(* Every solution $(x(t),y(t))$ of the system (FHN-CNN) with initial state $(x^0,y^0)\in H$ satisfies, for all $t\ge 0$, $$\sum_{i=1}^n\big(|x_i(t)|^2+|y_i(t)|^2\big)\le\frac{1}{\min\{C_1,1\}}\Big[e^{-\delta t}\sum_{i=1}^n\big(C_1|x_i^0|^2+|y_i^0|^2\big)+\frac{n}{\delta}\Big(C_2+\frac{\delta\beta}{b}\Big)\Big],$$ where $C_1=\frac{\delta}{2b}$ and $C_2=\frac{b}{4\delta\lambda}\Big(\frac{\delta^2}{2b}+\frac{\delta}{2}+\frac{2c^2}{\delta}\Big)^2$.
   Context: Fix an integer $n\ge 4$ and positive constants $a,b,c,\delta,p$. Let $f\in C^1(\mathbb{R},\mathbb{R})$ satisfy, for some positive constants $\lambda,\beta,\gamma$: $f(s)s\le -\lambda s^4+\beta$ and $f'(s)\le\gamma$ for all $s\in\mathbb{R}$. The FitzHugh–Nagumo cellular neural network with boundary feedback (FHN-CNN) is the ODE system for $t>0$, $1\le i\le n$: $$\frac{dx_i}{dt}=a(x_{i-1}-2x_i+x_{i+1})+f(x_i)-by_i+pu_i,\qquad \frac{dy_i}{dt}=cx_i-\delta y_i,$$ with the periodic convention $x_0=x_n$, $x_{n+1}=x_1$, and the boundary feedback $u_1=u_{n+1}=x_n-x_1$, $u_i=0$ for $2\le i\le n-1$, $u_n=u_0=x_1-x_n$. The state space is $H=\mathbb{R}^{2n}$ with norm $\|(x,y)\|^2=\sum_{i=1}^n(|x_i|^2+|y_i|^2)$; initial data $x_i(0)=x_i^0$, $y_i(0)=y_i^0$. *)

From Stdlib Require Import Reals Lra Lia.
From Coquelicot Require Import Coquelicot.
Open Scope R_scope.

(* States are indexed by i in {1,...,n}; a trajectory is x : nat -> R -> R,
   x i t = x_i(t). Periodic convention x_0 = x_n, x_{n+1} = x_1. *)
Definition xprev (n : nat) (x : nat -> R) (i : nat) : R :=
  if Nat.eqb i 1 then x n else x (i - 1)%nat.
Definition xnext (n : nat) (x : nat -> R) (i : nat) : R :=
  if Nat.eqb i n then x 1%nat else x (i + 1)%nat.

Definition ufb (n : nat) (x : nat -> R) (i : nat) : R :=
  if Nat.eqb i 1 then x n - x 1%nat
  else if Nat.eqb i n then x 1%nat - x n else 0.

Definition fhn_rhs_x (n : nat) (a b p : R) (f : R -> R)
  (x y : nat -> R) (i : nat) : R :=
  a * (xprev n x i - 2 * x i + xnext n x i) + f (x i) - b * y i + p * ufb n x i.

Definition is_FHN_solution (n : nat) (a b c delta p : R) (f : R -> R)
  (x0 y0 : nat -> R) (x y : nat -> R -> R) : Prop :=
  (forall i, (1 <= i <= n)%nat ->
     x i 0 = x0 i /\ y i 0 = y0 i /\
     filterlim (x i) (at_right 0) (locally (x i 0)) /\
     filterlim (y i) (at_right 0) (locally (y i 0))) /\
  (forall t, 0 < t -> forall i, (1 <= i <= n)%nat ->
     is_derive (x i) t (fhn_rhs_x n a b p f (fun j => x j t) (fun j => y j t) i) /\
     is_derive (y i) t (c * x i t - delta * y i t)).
^^^^^^^^
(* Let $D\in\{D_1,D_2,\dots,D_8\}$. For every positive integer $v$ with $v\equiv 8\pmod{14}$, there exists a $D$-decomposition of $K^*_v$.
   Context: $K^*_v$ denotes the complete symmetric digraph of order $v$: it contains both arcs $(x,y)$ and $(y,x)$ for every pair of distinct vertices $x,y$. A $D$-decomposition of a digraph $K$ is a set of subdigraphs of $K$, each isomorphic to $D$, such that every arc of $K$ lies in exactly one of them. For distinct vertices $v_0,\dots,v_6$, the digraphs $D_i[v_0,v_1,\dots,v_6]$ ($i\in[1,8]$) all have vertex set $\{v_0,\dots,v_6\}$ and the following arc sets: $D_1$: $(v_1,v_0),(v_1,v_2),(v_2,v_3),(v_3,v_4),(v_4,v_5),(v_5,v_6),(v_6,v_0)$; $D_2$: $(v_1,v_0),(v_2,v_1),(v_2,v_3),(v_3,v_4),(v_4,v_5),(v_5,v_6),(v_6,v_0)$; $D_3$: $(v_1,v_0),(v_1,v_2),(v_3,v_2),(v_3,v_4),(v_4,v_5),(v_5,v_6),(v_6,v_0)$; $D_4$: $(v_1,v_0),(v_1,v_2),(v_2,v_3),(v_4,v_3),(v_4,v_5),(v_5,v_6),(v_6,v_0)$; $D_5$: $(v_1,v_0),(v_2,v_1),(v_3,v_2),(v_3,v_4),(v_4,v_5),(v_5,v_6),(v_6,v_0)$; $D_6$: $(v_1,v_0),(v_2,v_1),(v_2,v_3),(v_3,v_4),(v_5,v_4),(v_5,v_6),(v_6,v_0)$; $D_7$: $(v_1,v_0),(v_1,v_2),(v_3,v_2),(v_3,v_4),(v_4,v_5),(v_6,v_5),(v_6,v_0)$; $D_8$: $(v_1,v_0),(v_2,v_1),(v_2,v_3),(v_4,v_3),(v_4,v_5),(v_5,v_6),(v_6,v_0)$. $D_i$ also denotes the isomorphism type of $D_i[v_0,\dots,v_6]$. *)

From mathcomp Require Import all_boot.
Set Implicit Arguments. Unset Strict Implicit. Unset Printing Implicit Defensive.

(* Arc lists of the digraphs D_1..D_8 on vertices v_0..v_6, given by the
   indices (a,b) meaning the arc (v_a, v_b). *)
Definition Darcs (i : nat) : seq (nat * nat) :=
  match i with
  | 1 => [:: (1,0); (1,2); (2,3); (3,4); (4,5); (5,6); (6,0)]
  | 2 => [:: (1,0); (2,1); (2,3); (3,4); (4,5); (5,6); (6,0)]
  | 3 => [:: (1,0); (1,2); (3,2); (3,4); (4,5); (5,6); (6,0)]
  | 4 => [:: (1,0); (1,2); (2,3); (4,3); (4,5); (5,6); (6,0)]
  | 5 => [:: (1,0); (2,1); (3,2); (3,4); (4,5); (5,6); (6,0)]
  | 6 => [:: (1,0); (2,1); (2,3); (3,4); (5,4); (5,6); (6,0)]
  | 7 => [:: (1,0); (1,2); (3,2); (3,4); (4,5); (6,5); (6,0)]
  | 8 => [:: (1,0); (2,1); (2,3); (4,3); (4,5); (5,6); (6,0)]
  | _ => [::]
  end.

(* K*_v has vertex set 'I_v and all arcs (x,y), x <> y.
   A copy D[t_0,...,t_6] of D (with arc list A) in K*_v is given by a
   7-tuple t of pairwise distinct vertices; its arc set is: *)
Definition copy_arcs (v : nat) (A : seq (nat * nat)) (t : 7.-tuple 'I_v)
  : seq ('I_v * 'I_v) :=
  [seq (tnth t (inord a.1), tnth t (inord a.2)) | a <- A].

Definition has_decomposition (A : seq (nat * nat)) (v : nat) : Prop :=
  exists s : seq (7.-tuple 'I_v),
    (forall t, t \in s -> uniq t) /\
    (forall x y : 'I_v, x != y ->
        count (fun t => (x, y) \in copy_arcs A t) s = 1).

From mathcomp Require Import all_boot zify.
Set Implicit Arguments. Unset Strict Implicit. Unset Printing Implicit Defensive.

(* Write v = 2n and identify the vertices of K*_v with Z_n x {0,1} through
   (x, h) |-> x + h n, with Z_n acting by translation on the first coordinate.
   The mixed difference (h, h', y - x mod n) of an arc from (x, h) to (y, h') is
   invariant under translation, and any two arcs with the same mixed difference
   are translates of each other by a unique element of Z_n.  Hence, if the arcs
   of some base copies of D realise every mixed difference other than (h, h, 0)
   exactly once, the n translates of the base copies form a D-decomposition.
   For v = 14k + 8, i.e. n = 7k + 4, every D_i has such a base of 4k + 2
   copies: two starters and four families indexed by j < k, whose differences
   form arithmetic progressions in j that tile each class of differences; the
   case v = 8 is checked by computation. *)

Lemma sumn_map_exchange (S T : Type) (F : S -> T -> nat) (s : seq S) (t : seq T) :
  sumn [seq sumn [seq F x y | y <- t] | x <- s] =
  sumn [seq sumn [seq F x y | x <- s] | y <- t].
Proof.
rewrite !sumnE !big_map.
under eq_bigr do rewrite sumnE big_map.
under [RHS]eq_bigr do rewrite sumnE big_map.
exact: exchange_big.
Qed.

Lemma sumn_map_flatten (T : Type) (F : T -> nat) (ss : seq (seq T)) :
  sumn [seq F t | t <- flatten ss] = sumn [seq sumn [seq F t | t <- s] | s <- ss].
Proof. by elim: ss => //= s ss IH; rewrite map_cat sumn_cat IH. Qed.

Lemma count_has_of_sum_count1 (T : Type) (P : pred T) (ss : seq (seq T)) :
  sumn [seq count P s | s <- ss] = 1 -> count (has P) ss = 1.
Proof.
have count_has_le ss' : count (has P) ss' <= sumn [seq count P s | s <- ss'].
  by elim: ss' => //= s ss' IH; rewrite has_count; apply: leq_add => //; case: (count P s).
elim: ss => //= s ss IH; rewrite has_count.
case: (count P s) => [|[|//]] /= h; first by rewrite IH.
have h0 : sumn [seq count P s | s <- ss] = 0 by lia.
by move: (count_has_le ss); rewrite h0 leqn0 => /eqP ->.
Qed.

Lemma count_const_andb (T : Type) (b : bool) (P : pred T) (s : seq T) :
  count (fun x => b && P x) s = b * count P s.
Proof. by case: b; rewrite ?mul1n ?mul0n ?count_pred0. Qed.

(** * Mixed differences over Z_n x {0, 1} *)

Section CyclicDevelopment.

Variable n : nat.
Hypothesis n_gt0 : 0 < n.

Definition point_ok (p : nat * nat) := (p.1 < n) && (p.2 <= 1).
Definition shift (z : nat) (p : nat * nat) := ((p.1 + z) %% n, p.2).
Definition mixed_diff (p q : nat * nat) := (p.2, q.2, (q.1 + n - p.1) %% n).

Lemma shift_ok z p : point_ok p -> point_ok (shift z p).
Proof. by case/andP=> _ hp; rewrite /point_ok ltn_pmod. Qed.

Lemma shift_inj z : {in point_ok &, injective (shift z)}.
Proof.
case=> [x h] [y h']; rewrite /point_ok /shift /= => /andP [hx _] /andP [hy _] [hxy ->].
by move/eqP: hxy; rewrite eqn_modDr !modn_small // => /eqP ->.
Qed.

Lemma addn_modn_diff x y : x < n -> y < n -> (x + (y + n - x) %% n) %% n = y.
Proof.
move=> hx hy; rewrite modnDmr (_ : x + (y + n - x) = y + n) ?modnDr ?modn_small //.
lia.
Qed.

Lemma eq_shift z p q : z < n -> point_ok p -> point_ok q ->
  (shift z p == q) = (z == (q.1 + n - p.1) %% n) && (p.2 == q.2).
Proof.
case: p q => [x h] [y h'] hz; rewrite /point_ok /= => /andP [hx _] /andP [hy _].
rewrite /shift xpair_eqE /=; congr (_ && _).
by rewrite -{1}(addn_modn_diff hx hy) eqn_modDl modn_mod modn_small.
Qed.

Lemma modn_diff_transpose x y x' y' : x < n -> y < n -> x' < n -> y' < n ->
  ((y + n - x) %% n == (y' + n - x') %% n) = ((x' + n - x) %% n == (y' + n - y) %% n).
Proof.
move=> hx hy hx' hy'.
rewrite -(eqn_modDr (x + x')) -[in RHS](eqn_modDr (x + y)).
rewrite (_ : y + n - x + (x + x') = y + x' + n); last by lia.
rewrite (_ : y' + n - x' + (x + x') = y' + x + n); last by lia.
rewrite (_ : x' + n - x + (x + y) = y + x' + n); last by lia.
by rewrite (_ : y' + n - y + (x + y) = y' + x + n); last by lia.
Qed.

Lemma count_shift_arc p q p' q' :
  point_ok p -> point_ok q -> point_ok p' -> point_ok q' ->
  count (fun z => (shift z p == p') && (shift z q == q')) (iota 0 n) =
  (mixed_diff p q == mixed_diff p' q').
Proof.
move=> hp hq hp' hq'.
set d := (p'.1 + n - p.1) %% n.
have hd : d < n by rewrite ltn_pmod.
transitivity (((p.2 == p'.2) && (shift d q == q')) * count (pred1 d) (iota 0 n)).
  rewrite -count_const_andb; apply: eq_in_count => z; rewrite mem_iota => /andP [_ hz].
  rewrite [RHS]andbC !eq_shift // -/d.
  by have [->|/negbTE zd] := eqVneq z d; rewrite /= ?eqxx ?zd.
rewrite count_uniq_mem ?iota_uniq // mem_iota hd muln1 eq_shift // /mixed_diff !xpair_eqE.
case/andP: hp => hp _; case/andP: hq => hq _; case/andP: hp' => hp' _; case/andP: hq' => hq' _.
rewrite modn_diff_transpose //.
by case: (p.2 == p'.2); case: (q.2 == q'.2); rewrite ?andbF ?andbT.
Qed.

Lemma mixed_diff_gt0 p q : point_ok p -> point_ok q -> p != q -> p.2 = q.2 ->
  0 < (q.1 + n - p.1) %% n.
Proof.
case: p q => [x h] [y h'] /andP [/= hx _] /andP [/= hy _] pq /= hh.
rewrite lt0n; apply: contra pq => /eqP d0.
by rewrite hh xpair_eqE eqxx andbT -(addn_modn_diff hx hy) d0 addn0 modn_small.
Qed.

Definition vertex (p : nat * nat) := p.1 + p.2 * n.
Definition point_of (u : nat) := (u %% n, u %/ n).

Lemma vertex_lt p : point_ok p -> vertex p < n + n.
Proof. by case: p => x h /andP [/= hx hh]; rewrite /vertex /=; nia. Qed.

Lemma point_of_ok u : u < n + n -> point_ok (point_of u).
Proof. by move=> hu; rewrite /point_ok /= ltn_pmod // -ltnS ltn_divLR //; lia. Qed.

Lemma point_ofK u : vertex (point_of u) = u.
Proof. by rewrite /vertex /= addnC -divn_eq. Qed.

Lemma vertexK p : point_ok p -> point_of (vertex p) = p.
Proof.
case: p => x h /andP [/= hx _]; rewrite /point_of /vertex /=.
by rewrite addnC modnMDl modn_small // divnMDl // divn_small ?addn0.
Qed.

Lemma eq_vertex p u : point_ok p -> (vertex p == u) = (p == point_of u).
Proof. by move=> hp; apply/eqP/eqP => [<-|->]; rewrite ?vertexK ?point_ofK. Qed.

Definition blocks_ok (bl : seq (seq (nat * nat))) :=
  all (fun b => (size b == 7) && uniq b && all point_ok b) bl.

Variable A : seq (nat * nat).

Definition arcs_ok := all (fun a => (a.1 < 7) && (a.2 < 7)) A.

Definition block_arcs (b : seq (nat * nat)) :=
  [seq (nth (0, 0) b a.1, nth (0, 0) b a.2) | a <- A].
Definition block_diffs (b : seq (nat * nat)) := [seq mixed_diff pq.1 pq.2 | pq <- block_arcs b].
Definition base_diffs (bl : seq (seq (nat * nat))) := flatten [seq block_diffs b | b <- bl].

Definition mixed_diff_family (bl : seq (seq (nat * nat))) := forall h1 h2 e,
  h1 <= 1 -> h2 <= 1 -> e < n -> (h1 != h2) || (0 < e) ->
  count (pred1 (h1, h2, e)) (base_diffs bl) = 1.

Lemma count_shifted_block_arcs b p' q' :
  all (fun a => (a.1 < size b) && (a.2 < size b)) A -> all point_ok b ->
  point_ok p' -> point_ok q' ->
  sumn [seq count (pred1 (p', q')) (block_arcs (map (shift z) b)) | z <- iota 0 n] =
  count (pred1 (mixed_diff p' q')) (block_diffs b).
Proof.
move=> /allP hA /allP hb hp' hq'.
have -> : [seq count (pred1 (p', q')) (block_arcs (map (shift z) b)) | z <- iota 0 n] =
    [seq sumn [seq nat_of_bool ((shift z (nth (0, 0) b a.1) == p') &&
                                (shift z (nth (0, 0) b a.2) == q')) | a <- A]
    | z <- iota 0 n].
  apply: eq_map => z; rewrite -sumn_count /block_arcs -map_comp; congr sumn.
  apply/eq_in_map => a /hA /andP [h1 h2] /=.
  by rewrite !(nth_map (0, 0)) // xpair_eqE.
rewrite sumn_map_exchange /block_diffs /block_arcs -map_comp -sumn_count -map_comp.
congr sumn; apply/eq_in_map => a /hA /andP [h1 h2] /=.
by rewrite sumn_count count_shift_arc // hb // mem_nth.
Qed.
^^^^^^^^
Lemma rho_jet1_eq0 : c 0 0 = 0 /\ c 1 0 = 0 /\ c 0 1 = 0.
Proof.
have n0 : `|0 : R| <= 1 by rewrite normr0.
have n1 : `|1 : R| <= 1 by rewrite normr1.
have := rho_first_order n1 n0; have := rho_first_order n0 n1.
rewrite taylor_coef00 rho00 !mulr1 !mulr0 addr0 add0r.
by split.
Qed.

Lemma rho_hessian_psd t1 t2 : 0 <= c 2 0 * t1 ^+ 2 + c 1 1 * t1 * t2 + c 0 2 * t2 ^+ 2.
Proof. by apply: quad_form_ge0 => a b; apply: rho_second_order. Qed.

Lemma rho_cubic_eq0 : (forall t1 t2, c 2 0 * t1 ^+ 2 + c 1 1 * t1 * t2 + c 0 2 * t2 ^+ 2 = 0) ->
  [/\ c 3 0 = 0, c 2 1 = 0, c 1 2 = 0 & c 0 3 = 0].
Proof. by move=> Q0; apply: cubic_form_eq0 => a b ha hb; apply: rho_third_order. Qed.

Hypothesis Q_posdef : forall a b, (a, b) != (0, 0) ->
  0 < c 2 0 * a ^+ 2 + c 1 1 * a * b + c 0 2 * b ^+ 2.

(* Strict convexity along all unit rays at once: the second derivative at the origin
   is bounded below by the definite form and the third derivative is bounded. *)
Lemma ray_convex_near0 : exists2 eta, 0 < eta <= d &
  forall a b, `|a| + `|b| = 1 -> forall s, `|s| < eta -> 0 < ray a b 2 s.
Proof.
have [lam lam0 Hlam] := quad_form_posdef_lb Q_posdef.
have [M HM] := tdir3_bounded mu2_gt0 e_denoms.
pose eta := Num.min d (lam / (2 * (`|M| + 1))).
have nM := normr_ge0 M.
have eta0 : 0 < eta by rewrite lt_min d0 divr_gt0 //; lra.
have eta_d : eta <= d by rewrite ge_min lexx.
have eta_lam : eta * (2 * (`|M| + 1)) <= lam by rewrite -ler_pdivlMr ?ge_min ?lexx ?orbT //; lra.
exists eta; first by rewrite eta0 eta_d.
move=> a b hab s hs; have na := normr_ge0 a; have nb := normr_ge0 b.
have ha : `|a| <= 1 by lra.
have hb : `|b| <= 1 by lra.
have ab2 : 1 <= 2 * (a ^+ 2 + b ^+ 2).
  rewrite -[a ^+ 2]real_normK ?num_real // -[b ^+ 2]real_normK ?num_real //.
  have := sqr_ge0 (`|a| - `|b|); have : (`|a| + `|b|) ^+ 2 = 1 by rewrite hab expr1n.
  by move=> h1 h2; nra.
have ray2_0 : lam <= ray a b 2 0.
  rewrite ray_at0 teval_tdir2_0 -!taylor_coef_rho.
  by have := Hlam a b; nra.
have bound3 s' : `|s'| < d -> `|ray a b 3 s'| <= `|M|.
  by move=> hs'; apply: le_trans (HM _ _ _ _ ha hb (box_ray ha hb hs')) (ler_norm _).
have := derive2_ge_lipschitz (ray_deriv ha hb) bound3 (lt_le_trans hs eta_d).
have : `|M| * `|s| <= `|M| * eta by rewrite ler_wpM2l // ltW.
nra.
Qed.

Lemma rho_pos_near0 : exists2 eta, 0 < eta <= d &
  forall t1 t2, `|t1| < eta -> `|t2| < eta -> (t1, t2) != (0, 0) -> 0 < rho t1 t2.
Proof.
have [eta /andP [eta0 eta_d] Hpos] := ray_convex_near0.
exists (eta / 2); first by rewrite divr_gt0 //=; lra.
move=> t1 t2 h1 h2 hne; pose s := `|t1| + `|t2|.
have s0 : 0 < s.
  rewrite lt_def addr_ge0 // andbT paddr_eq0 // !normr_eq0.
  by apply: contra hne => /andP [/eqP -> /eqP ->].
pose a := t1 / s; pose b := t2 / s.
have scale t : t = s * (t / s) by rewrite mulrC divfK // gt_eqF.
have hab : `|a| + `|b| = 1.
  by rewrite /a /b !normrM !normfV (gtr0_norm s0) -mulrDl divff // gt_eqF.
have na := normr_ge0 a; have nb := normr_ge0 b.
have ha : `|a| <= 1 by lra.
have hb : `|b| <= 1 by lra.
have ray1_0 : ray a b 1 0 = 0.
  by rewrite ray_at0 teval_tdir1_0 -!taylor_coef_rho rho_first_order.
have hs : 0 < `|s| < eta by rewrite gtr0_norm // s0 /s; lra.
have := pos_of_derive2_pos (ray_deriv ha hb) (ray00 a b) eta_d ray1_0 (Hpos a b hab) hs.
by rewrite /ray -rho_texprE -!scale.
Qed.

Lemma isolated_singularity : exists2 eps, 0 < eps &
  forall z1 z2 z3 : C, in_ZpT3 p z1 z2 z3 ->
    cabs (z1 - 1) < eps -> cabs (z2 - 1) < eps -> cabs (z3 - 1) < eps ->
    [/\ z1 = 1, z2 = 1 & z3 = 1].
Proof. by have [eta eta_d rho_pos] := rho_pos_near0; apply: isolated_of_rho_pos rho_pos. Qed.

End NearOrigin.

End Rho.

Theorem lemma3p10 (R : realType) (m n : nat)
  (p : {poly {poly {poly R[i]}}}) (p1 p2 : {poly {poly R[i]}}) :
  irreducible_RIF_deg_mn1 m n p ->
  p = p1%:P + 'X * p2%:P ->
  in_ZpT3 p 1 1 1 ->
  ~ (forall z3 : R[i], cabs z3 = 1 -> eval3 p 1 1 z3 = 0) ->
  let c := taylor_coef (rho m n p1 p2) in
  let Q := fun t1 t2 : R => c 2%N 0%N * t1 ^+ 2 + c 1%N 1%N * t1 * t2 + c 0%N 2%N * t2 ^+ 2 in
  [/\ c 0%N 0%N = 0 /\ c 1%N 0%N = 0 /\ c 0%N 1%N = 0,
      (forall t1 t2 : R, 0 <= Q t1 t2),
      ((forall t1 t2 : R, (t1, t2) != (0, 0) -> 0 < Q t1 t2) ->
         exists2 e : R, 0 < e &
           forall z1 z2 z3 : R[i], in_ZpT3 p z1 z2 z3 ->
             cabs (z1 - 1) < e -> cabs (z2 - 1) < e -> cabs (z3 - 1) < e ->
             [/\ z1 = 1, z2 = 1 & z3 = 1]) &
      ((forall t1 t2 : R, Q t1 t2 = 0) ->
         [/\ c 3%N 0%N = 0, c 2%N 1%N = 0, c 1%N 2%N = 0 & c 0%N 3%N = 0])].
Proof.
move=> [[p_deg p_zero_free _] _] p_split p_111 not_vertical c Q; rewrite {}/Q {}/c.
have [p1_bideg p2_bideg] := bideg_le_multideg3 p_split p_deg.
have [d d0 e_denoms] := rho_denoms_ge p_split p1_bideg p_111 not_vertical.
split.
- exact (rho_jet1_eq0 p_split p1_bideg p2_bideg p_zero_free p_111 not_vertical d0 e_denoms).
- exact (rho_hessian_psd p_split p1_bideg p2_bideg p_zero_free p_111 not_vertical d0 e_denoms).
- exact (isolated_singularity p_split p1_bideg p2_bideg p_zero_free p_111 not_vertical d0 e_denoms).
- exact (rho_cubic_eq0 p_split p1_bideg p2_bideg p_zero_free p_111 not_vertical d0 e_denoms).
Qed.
^^^^^^^^
Task description ▸ Show me each line of the listing above with "Hlam" in it.

Exercise answer ▸
have [lam lam0 Hlam] := quad_form_posdef_lb Q_posdef.
  by have := Hlam a b; nra.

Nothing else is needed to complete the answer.